### Instructions for the task
Find the line with "have m0 : 0" in the entries below, then reproduce it and every line after it down to and including the line with "rewrite /w !mulr_sumr", exactly.
BEGIN Dataset records
(* Young's inequality with the conjugate exponents s / (s - 1) and s. *)
Lemma powR_tangent s a b : 1 < s -> 0 <= a -> 0 <= b ->
  s * (a `^ (s - 1) * b) <= b `^ s + (s - 1) * a `^ s.
Proof.
move=> s1 a0 b0; have s0 : 0 < s by apply: lt_trans s1.
have s10 : 0 < s - 1 by rewrite subr_gt0.
pose p := s / (s - 1); have p0 : 0 < p by rewrite divr_gt0.
have pq : p^-1 + s^-1 = 1 by rewrite /p invf_div; field; rewrite ?gt_eqF.
have young := conjugate_powR (powR_ge0 a (s - 1)) b0 p0 s0 pq.
rewrite -powRrM (_ : (s - 1) * p = s) in young; last by rewrite /p; field; rewrite gt_eqF.
have -> : b `^ s + (s - 1) * a `^ s = s * (a `^ s / p + b `^ s / s).
  by rewrite /p; field; rewrite ?gt_eqF.
by rewrite ler_wpM2l // ltW.
Qed.

Lemma powR_shifted_mean_le (T : Type) (r : seq T) (p v : T -> R) s c :
  1 < s -> 0 <= c -> (forall z, 0 <= p z) -> (forall z, 0 <= v z) ->
  \sum_(z <- r) p z <= 1 ->
  (c + \sum_(z <- r) p z * v z) `^ s <=
    s * ((c + \sum_(z <- r) p z * v z) `^ (s - 1) * c) + \sum_(z <- r) p z * v z `^ s.
Proof.
move=> s1 c0 p0 v0 sum_p.
have s0 : 0 < s by apply: lt_trans s1.
set w := \sum_(z <- r) p z * v z; set m := c + w.
have m0 : 0 <= m by rewrite addr_ge0 // sumr_ge0 // => z _; rewrite mulr_ge0.
have msE : m `^ s = m `^ (s - 1) * (c + w) by rewrite mulrC mulr_powRB1.
have ms0 : 0 <= m `^ s by rewrite powR_ge0.
have ms10 : 0 <= m `^ (s - 1) by rewrite powR_ge0.
have tangent : s * (m `^ (s - 1) * w) <=
    \sum_(z <- r) p z * v z `^ s + (s - 1) * m `^ s * \sum_(z <- r) p z.
  rewrite /w !mulr_sumr -big_split /=; apply: ler_sum => z _.
  by move: (ler_wpM2l (p0 z) (powR_tangent s1 m0 (v0 z))); lra.
have : (s - 1) * m `^ s * \sum_(z <- r) p z <= (s - 1) * m `^ s.
  by rewrite ler_piMr // mulr_ge0 // subr_ge0 ltW.
nra.
Qed.

End power_inequalities.

Section extended_sums.
Variable R : realType.
Local Open Scope ereal_scope.

Lemma ge0_esumZl (T : choiceType) (S : set T) (r : R) (a : T -> \bar R) :
  (0 <= r)%R -> (forall i, 0 <= a i) ->
  \esum_(i in S) (r%:E * a i) = r%:E * \esum_(i in S) a i.
Proof.
move=> r0 a0; rewrite /esum -ereal_supZl //; last first.
  by apply/set0P; exists 0; exists set0; [exact: fsets_set0|rewrite fsbig_set0].
congr ereal_sup; apply/seteqP; split => [_ /= [X XS <-]|_ /= [_ [Y YS <-] <-]].
- by exists (\sum_(x \in X) a x); [exists X|rewrite ge0_mule_fsumr].
- by exists Y => //; rewrite ge0_mule_fsumr.
Qed.

Lemma exchange_esum (T1 T2 : choiceType) (a : T1 -> T2 -> \bar R) :
  (forall i j, 0 <= a i j) ->
  \esum_(i in [set: T1]) \esum_(j in [set: T2]) a i j =
  \esum_(j in [set: T2]) \esum_(i in [set: T1]) a i j.
Proof.
move=> a0; rewrite !esum_esum //.
rewrite (reindex_esum ([set: T2] `*`` (fun=> [set: T1]))
   ([set: T1] `*`` (fun=> [set: T2])) (fun x => (x.2, x.1))) //.
split => [[i j] _ //|[i1 i2] [j1 j2] _ _ [-> ->] //|[i1 i2] _].
by exists (i2, i1).
Qed.

Lemma esum_finite_support (T : choiceType) (S : set T) (a : T -> \bar R) :
  finite_set S -> (forall i, 0 <= a i) -> (forall i, ~ S i -> a i = 0) ->
  \esum_(i in [set: T]) a i = \sum_(i <- enum_fset (fset_set S)) a i.
Proof.
move=> finS a0 aS; rewrite -fsbig_finite // -esum_fset // [RHS]esum_mkcond.
apply: eq_esum => i _; case: ifPn => // /negP iS.
by rewrite aS // => Si; apply: iS; exact: mem_set.
Qed.

Lemma partial_le_esum_nat (a : nat -> \bar R) N : (forall n, 0 <= a n) ->
  \sum_(n < N) a n <= \esum_(n in [set: nat]) a n.
Proof.
move=> a0; rewrite -nneseries_esumT // -(big_mkord xpredT).
exact: nneseries_lim_ge.
Qed.

Lemma esum_nat_le (a : nat -> \bar R) M : (forall n, 0 <= a n) ->
  (forall N, \sum_(n < N) a n <= M) -> \esum_(n in [set: nat]) a n <= M.
Proof.
move=> a0 aM; rewrite -nneseries_esumT //; apply: lime_le.
  exact: is_cvg_nneseries.
by apply: nearW => N; rewrite big_mkord.
Qed.

Lemma esum_nat_fine_powR_le (s : R) (a : nat -> \bar R) t : (0 < s)%R ->
  (forall n, 0 <= a n) -> \esum_(n in [set: nat]) a n < +oo ->
  (forall N, ((fine (\sum_(n < N) a n)) `^ s)%:E <= t) ->
  ((fine (\esum_(n in [set: nat]) a n)) `^ s)%:E <= t.
Proof.
move=> s0 a0 sum_fin le_t.
have t0 : 0 <= t by apply: le_trans (le_t 0%N); rewrite lee_fin powR_ge0.
have [->|tNy] := eqVneq t +oo; first exact: leey.
have t_fin : t \is a fin_num by rewrite ge0_fin_numE // ltey.
have fine_ge0K (b : \bar R) : 0 <= b -> b < +oo -> (fine b)%:E = b.
  by move=> b0 bfin; rewrite fineK // ge0_fin_numE.
have esum0 : 0 <= \esum_(n in [set: nat]) a n by rewrite esum_ge0.
rewrite -(fineK t_fin) lee_fin powR_le_powRV ?fine_ge0 //.
rewrite -lee_fin fine_ge0K //; apply: esum_nat_le => // N.
have sum0 : 0 <= \sum_(n < N) a n by rewrite sume_ge0.
have sum_lt : \sum_(n < N) a n < +oo.
  exact: le_lt_trans (partial_le_esum_nat N a0) sum_fin.
by rewrite -(fine_ge0K _ sum0 sum_lt) lee_fin -powR_le_powRV ?fine_ge0 // -lee_fin fineK.
Qed.

End extended_sums.

Section random_walk.
Variables (R : realType) (V : choiceType) (mu : V -> V -> R).
Hypotheses (hgraph : is_weighted_graph mu) (hlf : locally_finite mu).
Local Open Scope ereal_scope.

Definition neighbours (x : V) : seq V := enum_fset (fset_set [set y | adj mu x y]).

Lemma mu_ge0 x y : (0 <= mu x y)%R.
Proof. by case: hgraph. Qed.

Lemma muvE x : muv mu x = (\sum_(y <- neighbours x) mu x y)%R.
Proof. exact: fsbig_finite (hlf x). Qed.

Lemma muv_ge0 x : (0 <= muv mu x)%R.
Proof. by apply: fsumr_ge0 => y _; exact: mu_ge0. Qed.

Lemma Ptr_ge0 x y : (0 <= Ptr mu x y)%R.
Proof. by rewrite divr_ge0 ?mu_ge0 ?muv_ge0. Qed.

Lemma Ptr_eq0 x y : ~ adj mu x y -> Ptr mu x y = 0%R.
Proof.
move=> /negP; rewrite /adj -leNgt => mu_le0.
by rewrite /Ptr (_ : mu x y = 0%R) ?mul0r //; apply/eqP; rewrite eq_le mu_le0 mu_ge0.
Qed.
END Dataset records
### Completed exercise
have m0 : 0 <= m by rewrite addr_ge0 // sumr_ge0 // => z _; rewrite mulr_ge0.
have msE : m `^ s = m `^ (s - 1) * (c + w) by rewrite mulrC mulr_powRB1.
have ms0 : 0 <= m `^ s by rewrite powR_ge0.
have ms10 : 0 <= m `^ (s - 1) by rewrite powR_ge0.
have tangent : s * (m `^ (s - 1) * w) <=
    \sum_(z <- r) p z * v z `^ s + (s - 1) * m `^ s * \sum_(z <- r) p z.
  rewrite /w !mulr_sumr -big_split /=; apply: ler_sum => z _.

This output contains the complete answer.